[Your assignment]:
Please read the records below and return each line holding the string "complex".
-- Given data follows --
(* In the setting below, for all distinct $i,j,k\in\mathbb Z/N\mathbb Z$ we have $\#(P_{ij}\cap Q^+_{jk})\leq2$.
   Context: Setting: $p,q$ distinct primes, $N=p+q$; $M=(m_{ik})_{i,k\in\mathbb Z/N\mathbb Z}$ has entries in $\mathbb Z/pq\mathbb Z$ and $(e^{2\pi i\,m_{ik}/pq})$ is a complex Hadamard matrix (unimodular entries, orthogonal rows). $L_i(k)=m_{ik}$, $L_{ij}=L_j-L_i$. For $d\mid pq$, $d(\mathbb Z/pq\mathbb Z)$ is the subgroup of multiples of $d$. For distinct $i,j$ there is a partition $\mathbb Z/N\mathbb Z=P_{ij}\sqcup Q_{ij}\sqcup R_{ij}$ and $r\in\mathbb Z/pq\mathbb Z$ with: $\#R_{ij}=2$ and $L_{ij}\equiv r$ on $R_{ij}$; $\#P_{ij}=p-1$ and $L_{ij}(P_{ij})=(r+q(\mathbb Z/pq\mathbb Z))\setminus\{r\}$; $\#Q_{ij}=q-1$ and $L_{ij}(Q_{ij})=(r+p(\mathbb Z/pq\mathbb Z))\setminus\{r\}$. This partition is unique ($R_{ij}$ is the pair of indices where $L_{ij}$ takes its unique repeated value). Put $P^+_{ij}=P_{ij}\cup R_{ij}$, $Q^+_{ij}=Q_{ij}\cup R_{ij}$. *)

From HB Require Import structures.
From mathcomp Require Import all_boot all_order all_algebra all_field.
Set Implicit Arguments. Unset Strict Implicit. Unset Printing Implicit Defensive.
Import Order.TTheory GRing.Theory Num.Theory.
Local Open Scope ring_scope.

(* The matrix M has rows/columns indexed by Z/NZ (represented as 'I_N; only the
   index set matters) and entries in Z/nZ (n = pq). *)

Definition Lij (n N : nat) (M : 'M['Z_n]_N) (i j : 'I_N) (k : 'I_N) : 'Z_n :=
  M j k - M i k.

Definition mulsub (n d : nat) : {set 'Z_n} :=
  [set (d%:R * y : 'Z_n) | y in [set: 'Z_n]].

Definition coset_of_mul (n d : nat) (r : 'Z_n) : {set 'Z_n} :=
  [set r + y | y in mulsub n d].

(* (e^{2 pi i m_ik / pq}) is a complex Hadamard matrix: unimodular entries
   (automatic for roots of unity) and pairwise orthogonal rows.
   Here w plays the role of e^{2 pi i / pq}. *)
Definition hadamard_exp (n N : nat) (w : algC) (M : 'M['Z_n]_N) : Prop :=
  forall i j : 'I_N, i != j ->
    \sum_(k < N) w ^+ (M i k : nat) * (w ^+ (M j k : nat))^* = 0.

Definition PQR_partition (p q : nat) (M : 'M['Z_(p * q)]_(p + q))
    (i j : 'I_(p + q)) (P Q R : {set 'I_(p + q)}) (r : 'Z_(p * q)) : Prop :=
  [/\ [/\ [disjoint P & Q], [disjoint P & R], [disjoint Q & R]
        & P :|: Q :|: R = [set: 'I_(p + q)]],
      #|R| = 2%N /\ {in R, forall k, Lij M i j k = r},
      #|P| = p.-1 /\ [set Lij M i j k | k in P] = coset_of_mul q r :\ r
    & #|Q| = q.-1 /\ [set Lij M i j k | k in Q] = coset_of_mul p r :\ r].
Lemma hjb_branch_on_closed (a b u c e : R) :
  0 <= a <= b ->
  (forall z, a < z < b -> (z < d \/ d < z) /\ optimal_control u0 beta (h1 z) u /\ ind_gt d z = e) ->
  r * c = beta * u - e ->
  exists A B, forall z, a <= z <= b -> h z = hjb_branch mu sigma r u c A B z.
Proof.
  intros Hab Hreg Hc. destruct (Rle_lt_or_eq_dec a b (proj2 Hab)) as [Hlt | <-].
  - destruct (hjb_branch_on (fun z => a < z < b) u c e) as [A [B HAB]]; [| | exact Hc |].
    + intros x y t Hx Hy Ht. lra.
    + intros z Hz. destruct (Hreg z Hz) as [Hzd HR]. split; [lra | exact HR].
    + exists A, B. apply eq_on_closed_interval; [exact Hlt | | | | | exact HAB].
      * apply h_right_continuous. lra.
      * apply continuous_at_left, h_continuous. lra.
      * apply hjb_branch_continuous.
      * apply hjb_branch_continuous.
  - (* A single point: fit the coefficient of the growing exponential. *)
    exists ((h a - c) * exp (- theta1 mu sigma r u * a)), 0. intros z Hz.
    replace z with a by lra. unfold hjb_branch.
    rewrite Rmult_assoc, <- exp_plus.
    replace (- theta1 mu sigma r u * a + theta1 mu sigma r u * a) with 0 by ring.
    rewrite exp_0. ring.
Qed.

End HJBSolution.

Theorem lemma2p3 (mu sigma u0 r beta d : R) (h h1 h2 : R -> R) :
  0 < sigma -> 0 < u0 -> 0 < r -> 0 < beta -> 0 < d ->
  HJB_solution mu sigma u0 r beta d h h1 h2 ->
  (forall x y, 0 <= x -> x <= y -> h y <= h x) ->
  h1 0 = 0 ->
  exists zf zg A1 B1 A2 B2 a1 b1 a2 b2 : R,
    0 < zf <= d /\ d <= zg /\
    let fl := fun z => A1 * exp (theta1 mu sigma r 0 * z)
                       + B1 * exp (- theta2 mu sigma r 0 * z) in
    let fb := fun z => beta * u0 / r + A2 * exp (theta1 mu sigma r u0 * z)
                       + B2 * exp (- theta2 mu sigma r u0 * z) in
    let gl := fun z => - (1 / r) + a1 * exp (theta1 mu sigma r 0 * z)
                       + b1 * exp (- theta2 mu sigma r 0 * z) in
    let gb := fun z => (beta * u0 - 1) / r + a2 * exp (theta1 mu sigma r u0 * z)
                       + b2 * exp (- theta2 mu sigma r u0 * z) in
    (forall z, 0 <= z <= zf -> h z = fb z) /\
    (forall z, zf < z <= d -> h z = fl z) /\
    (forall z, d < z <= zg -> h z = gl z) /\
    (forall z, zg <= z -> d < z -> h z = gb z).
Proof.
  intros Hs Hu Hr Hb Hd Hsol _ H10.
  destruct (first_switch mu sigma u0 r beta d h h1 h2 Hs Hu Hr Hb Hd Hsol H10)
    as [zf [Hzf [Hup1 Hlow1]]].
  destruct (second_switch mu sigma u0 r beta d h h1 h2 Hs Hu Hr Hb Hd Hsol)
    as [zg [Hzg [Hlow2 Hup2]]].
  pose proof (hjb_branch_on_closed mu sigma u0 r beta d h h1 h2 Hs Hu Hr Hd Hsol) as Hclosed.
  destruct (Hclosed 0 zf u0 (beta * u0 / r) 0) as [A2 [B2 Hfb]]; [lra | | field; lra |].
  { intros z Hz. split; [left; lra | split; [left; split; [reflexivity |] |]].
    - apply Hup1. lra.
    - apply ind_gt_le. lra. }
  destruct (Hclosed zf d 0 0 0) as [A1 [B1 Hfl]]; [lra | | ring |].
  { intros z Hz. split; [left; lra | split; [right; split; [reflexivity |] |]].
    - apply Rlt_le, Hlow1. lra.
    - apply ind_gt_le. lra. }
  destruct (Hclosed d zg 0 (- (1 / r)) 1) as [a1 [b1 Hgl]]; [lra | | field; lra |].
  { intros z Hz. split; [right; lra | split; [right; split; [reflexivity |] |]].
    - apply Rlt_le, Hlow2. lra.
    - apply ind_gt_gt. lra. }
  destruct (hjb_branch_on mu sigma u0 r beta d h h1 h2 Hs Hu Hr Hd Hsol
              (fun z => zg <= z /\ d < z) u0 ((beta * u0 - 1) / r) 1) as [a2 [b2 Hgb]];
    [intros x y t Hx Hy Ht; lra | | field; lra |].
  { intros z [Hz Hzd]. split; [right; lra | split; [left; split; [reflexivity |] |]].
    - apply Hup2; lra.
    - apply ind_gt_gt. lra. }
  exists zf, zg, A1, B1, A2, B2, a1, b1, a2, b2.
  split; [lra | split; [lra |]]. intros fl fb gl gb.
  split; [| split; [| split]].
  - exact Hfb.
  - intros z Hz. rewrite (Hfl z ltac:(lra)). unfold hjb_branch, fl. ring.
  - intros z Hz. exact (Hgl z ltac:(lra)).
  - intros z Hz Hzd. exact (Hgb z (conj Hz Hzd)).
Qed.
Lemma overlap_sum_init : 0 < overlap_sum 0.
Proof.
  assert (0 < u 0 0) by (apply u_init; lia).
  enough (u 0 0 <= overlap_sum 0) by lra.
  apply (fsum_term_le k (fun j => u j 0)); [|lia].
  intros j Hj. apply Rlt_le, u_init, Hj.
Qed.

Lemma overlap_sum_derive t : 0 < t -> is_derive overlap_sum t (fsum k (fun j => drift j t)).
Proof. intros Ht. apply is_derive_fsum. intros j Hj. apply u_deriv, Ht. Qed.

Lemma overlap_sum_continuous t : 0 <= t -> continuous overlap_sum t.
Proof.
  intros Ht. destruct (Req_dec t 0) as [->|Ht0].
  - apply continuous_fsum. intros j Hj. apply u_cont0.
  - apply (@ex_derive_continuous R_AbsRing R_NormedModule).
    eexists. apply overlap_sum_derive. lra.
Qed.

Lemma drift_sum_eq t : fsum k (fun j => drift j t) =
  fsum k (fun l => g (u l t) * fsum k (fun j => G j l))
  - overlap_sum t * fsum k (fun l => g (u l t) * u l t).
Proof. apply (fsum_drift_split k G (fun j => u j t) (fun l => g (u l t))). Qed.

(* While the overlaps are small, the self-interaction [G l l = 1] dominates the drift
   of their sum, and the largest overlap is at least the average one. *)
Lemma drift_sum_lower t : 0 < t -> overlap_sum t <= r ->
  kappa / 2 * (/ INR k) ^ S n * overlap_sum t ^ S n <= fsum k (fun j => drift j t).
Proof.
  intros Ht Hsmall. pose proof INR_k_pos as Hk0.
  set (s := overlap_sum t) in *.
  assert (Hs : 0 <= s) by (apply overlap_sum_nonneg; lra).
  assert (Hg : forall l, (l < k)%nat -> 0 <= g (u l t))
    by (intros; apply g_nonneg, overlaps_nonneg; auto; lra).
  set (Sg := fsum k (fun l => g (u l t))).
  assert (HSg : 0 <= Sg) by (apply fsum_nonneg; exact Hg).
  assert (Hself : Sg <= fsum k (fun l => g (u l t) * fsum k (fun j => G j l))).
  { apply fsum_le. intros l Hl.
    assert (1 <= fsum k (fun j => G j l)).
    { rewrite <- (G_diag l Hl). apply (fsum_term_le k (fun j => G j l)); [|exact Hl].
      intros; apply G_range; auto. }
    pose proof (Hg l Hl). nra. }
  assert (Hcross : fsum k (fun l => g (u l t) * u l t) <= s * Sg).
  { unfold Sg. rewrite <- fsum_scal. apply fsum_le. intros l Hl.
    pose proof (overlap_le_sum l t Hl ltac:(lra)) as Hul. fold s in Hul.
    pose proof (Hg l Hl). nra. }
  assert (Hhalf : Sg / 2 <= fsum k (fun j => drift j t)).
  { rewrite drift_sum_eq. fold s.
    pose proof (Rmult_le_compat_l s _ _ Hs Hcross).
    assert (s * s <= 1 / 4) by (pose proof Hr; nra).
    assert (s * (s * Sg) <= 1 / 4 * Sg)
      by (rewrite <- Rmult_assoc; apply Rmult_le_compat_r; lra).
    lra. }
  destruct (fsum_le_max_term k (fun j => u j t) ltac:(lia)) as [j [Hj Hmax]].
  fold (overlap_sum t) s in Hmax.
  assert (Huj : 0 <= u j t <= r)
    by (pose proof (overlap_le_sum j t Hj ltac:(lra)) as Hle; fold s in Hle;
        split; [apply overlaps_nonneg|]; auto; lra).
  assert (Hlead : kappa * (s * / INR k) ^ S n <= Sg).
  { eapply Rle_trans; [|apply (fsum_term_le k (fun l => g (u l t)) j Hg Hj)].
    eapply Rle_trans; [|apply g_lower, Huj].
    apply Rmult_le_compat_l; [lra|]. apply pow_incr. split.
    - apply Rmult_le_pos; [exact Hs | left; apply Rinv_0_lt_compat, Hk0].
    - apply (Rmult_le_reg_l (INR k)); [exact Hk0|].
      rewrite <- Rmult_assoc, Rinv_r_simpl_m by lra. lra. }
  rewrite Rpow_mult_distr in Hlead. lra.
Qed.

Lemma drift_sum_upper t : 0 < t -> overlap_sum t <= r ->
  fsum k (fun j => drift j t) <= INR k * INR k * K * overlap_sum t ^ S n.
Proof.
  intros Ht Hsmall.
  set (s := overlap_sum t) in *.
  assert (Hs : 0 <= s) by (apply overlap_sum_nonneg; lra).
  rewrite drift_sum_eq. fold s.
  assert (0 <= s * fsum k (fun l => g (u l t) * u l t)).
  { apply Rmult_le_pos; [exact Hs|]. apply fsum_nonneg. intros l Hl.
    pose proof (overlaps_nonneg l t Hl ltac:(lra)) as Hul.
    pose proof (g_nonneg _ Hul). nra. }
  enough (fsum k (fun l => g (u l t) * fsum k (fun j => G j l))
          <= INR k * (INR k * K * s ^ S n)) by lra.
  apply fsum_le_const. intros l Hl.
  pose proof (overlaps_nonneg l t Hl ltac:(lra)) as Hul.
  pose proof (overlap_le_sum l t Hl ltac:(lra)) as Huls. fold s in Huls.
  assert (HG : 0 <= fsum k (fun j => G j l) <= INR k * 1).
  { split; [apply fsum_nonneg | apply fsum_le_const]; intros; apply G_range; auto. }
  assert (Hgl : 0 <= g (u l t) <= K * s ^ S n).
  { split; [apply g_nonneg, Hul|]. eapply Rle_trans; [apply g_upper; lra|].
    apply Rmult_le_compat_l; [exact HK|]. apply pow_incr. lra. }
  pose proof (pos_INR k). nra.
Qed.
-- Given data concluded --
[Response for this exercise]:
   Context: Setting: $p,q$ distinct primes, $N=p+q$; $M=(m_{ik})_{i,k\in\mathbb Z/N\mathbb Z}$ has entries in $\mathbb Z/pq\mathbb Z$ and $(e^{2\pi i\,m_{ik}/pq})$ is a complex Hadamard matrix (unimodular entries, orthogonal rows). $L_i(k)=m_{ik}$, $L_{ij}=L_j-L_i$. For $d\mid pq$, $d(\mathbb Z/pq\mathbb Z)$ is the subgroup of multiples of $d$. For distinct $i,j$ there is a partition $\mathbb Z/N\mathbb Z=P_{ij}\sqcup Q_{ij}\sqcup R_{ij}$ and $r\in\mathbb Z/pq\mathbb Z$ with: $\#R_{ij}=2$ and $L_{ij}\equiv r$ on $R_{ij}$; $\#P_{ij}=p-1$ and $L_{ij}(P_{ij})=(r+q(\mathbb Z/pq\mathbb Z))\setminus\{r\}$; $\#Q_{ij}=q-1$ and $L_{ij}(Q_{ij})=(r+p(\mathbb Z/pq\mathbb Z))\setminus\{r\}$. This partition is unique ($R_{ij}$ is the pair of indices where $L_{ij}$ takes its unique repeated value). Put $P^+_{ij}=P_{ij}\cup R_{ij}$, $Q^+_{ij}=Q_{ij}\cup R_{ij}$. *)
(* (e^{2 pi i m_ik / pq}) is a complex Hadamard matrix: unimodular entries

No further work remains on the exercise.